WHAT THE EXERCISE ASKS >>
When the line with "Set Implicit Arguments." appears below, start repeating lines exactly, and keep going through the line with "(* Capacity for"; add nothing outside that span.

RECORDS SUPPLIED >>
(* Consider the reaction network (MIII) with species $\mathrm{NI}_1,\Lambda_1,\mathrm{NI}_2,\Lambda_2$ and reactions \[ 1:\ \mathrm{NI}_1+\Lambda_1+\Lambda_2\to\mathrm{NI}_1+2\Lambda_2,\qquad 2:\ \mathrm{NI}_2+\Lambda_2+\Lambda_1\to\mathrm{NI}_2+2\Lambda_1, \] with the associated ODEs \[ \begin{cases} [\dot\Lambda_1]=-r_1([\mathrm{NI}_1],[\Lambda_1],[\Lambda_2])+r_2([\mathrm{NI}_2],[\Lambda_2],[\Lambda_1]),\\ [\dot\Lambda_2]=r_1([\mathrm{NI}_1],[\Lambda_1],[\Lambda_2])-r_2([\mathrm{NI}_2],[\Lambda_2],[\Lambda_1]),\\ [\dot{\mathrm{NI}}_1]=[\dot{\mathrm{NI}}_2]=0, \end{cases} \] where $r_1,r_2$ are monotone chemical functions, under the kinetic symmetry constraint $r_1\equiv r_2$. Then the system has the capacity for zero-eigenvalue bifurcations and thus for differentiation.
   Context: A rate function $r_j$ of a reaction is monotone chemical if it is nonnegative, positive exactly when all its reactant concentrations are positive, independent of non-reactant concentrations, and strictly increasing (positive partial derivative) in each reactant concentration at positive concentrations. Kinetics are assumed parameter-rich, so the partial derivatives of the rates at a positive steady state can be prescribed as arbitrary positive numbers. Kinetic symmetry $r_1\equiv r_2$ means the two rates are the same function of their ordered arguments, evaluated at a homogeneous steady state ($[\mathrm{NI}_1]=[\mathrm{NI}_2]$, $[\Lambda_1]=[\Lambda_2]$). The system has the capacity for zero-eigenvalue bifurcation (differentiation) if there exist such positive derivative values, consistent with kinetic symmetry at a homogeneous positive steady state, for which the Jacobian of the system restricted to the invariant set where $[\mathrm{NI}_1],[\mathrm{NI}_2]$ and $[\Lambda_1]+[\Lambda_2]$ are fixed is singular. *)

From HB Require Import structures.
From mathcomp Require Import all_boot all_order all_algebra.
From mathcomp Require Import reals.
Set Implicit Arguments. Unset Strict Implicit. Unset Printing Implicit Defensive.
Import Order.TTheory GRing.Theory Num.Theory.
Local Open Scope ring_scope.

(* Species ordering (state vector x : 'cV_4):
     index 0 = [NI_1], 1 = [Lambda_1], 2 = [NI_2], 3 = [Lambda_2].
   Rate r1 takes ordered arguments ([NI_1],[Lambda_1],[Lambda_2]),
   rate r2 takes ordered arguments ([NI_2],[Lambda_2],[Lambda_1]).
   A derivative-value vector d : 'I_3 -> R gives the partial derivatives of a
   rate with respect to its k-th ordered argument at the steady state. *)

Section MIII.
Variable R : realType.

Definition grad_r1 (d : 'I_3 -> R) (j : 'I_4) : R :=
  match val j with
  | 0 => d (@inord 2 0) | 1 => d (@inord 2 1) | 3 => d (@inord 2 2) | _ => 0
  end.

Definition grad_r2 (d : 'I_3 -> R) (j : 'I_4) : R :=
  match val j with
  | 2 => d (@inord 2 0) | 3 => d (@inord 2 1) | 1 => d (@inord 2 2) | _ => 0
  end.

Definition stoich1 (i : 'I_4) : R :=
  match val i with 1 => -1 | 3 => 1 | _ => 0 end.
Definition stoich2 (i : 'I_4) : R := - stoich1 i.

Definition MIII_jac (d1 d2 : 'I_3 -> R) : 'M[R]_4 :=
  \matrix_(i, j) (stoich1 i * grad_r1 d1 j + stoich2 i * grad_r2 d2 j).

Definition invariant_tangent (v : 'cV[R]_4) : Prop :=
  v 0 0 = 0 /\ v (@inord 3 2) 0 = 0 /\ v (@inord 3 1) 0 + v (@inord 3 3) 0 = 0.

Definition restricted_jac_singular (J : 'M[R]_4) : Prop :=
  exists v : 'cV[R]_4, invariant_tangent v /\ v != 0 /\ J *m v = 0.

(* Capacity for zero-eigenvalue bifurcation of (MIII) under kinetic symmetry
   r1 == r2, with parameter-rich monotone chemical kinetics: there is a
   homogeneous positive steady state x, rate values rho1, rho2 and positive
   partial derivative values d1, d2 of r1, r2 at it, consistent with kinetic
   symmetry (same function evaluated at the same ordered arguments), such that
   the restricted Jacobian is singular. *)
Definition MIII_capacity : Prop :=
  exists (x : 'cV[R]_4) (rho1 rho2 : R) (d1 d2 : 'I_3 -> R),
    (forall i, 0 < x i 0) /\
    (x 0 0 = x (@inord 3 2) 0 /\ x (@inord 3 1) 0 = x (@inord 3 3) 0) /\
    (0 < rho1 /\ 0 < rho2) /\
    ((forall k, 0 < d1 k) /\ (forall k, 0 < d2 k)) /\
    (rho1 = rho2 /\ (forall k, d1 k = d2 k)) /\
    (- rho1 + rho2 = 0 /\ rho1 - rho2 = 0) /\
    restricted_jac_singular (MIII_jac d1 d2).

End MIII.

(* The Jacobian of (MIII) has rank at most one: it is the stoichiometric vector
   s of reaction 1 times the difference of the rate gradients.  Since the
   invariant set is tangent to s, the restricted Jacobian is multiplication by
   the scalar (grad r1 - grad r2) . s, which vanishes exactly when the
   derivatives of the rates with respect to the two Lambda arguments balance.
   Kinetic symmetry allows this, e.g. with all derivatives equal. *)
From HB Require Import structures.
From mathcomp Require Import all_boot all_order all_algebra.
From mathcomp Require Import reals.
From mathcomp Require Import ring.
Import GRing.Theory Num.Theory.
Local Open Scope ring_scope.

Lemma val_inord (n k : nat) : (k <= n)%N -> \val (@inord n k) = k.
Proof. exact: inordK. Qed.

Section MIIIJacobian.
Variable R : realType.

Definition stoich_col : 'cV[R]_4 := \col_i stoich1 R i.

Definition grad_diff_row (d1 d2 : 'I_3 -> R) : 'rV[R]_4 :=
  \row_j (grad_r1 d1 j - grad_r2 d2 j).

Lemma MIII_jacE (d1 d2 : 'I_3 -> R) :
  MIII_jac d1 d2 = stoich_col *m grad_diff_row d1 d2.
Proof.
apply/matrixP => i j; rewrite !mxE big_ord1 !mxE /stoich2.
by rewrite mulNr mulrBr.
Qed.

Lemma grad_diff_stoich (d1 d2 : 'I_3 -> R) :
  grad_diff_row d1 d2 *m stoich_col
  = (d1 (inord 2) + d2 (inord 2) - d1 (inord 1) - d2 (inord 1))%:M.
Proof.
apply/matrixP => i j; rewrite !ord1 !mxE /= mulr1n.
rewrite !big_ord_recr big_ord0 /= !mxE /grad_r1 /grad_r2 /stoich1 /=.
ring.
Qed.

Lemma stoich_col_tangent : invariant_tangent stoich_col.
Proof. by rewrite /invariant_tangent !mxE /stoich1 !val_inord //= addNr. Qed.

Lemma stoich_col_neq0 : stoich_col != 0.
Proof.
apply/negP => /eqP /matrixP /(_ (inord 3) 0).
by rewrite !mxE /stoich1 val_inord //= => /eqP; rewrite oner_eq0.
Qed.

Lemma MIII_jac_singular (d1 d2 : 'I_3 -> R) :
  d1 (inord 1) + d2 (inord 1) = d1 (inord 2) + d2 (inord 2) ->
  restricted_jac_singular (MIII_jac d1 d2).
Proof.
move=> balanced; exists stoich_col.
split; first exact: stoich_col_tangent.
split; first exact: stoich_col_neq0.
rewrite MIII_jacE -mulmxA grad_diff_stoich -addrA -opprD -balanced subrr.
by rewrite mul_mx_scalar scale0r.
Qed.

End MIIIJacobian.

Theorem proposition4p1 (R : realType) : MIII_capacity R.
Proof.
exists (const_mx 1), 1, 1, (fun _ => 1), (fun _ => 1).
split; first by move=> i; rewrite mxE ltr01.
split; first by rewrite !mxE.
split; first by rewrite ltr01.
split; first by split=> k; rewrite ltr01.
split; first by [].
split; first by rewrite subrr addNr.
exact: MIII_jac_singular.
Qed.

SOLUTION >>
Set Implicit Arguments. Unset Strict Implicit. Unset Printing Implicit Defensive.
Import Order.TTheory GRing.Theory Num.Theory.
Local Open Scope ring_scope.

(* Species ordering (state vector x : 'cV_4):
     index 0 = [NI_1], 1 = [Lambda_1], 2 = [NI_2], 3 = [Lambda_2].
   Rate r1 takes ordered arguments ([NI_1],[Lambda_1],[Lambda_2]),
   rate r2 takes ordered arguments ([NI_2],[Lambda_2],[Lambda_1]).
   A derivative-value vector d : 'I_3 -> R gives the partial derivatives of a
   rate with respect to its k-th ordered argument at the steady state. *)

Section MIII.
Variable R : realType.

Definition grad_r1 (d : 'I_3 -> R) (j : 'I_4) : R :=
  match val j with
  | 0 => d (@inord 2 0) | 1 => d (@inord 2 1) | 3 => d (@inord 2 2) | _ => 0
  end.

Definition grad_r2 (d : 'I_3 -> R) (j : 'I_4) : R :=
  match val j with
  | 2 => d (@inord 2 0) | 3 => d (@inord 2 1) | 1 => d (@inord 2 2) | _ => 0
  end.

Definition stoich1 (i : 'I_4) : R :=
  match val i with 1 => -1 | 3 => 1 | _ => 0 end.
Definition stoich2 (i : 'I_4) : R := - stoich1 i.

Definition MIII_jac (d1 d2 : 'I_3 -> R) : 'M[R]_4 :=
  \matrix_(i, j) (stoich1 i * grad_r1 d1 j + stoich2 i * grad_r2 d2 j).

Definition invariant_tangent (v : 'cV[R]_4) : Prop :=
  v 0 0 = 0 /\ v (@inord 3 2) 0 = 0 /\ v (@inord 3 1) 0 + v (@inord 3 3) 0 = 0.

Definition restricted_jac_singular (J : 'M[R]_4) : Prop :=
  exists v : 'cV[R]_4, invariant_tangent v /\ v != 0 /\ J *m v = 0.

(* Capacity for zero-eigenvalue bifurcation of (MIII) under kinetic symmetry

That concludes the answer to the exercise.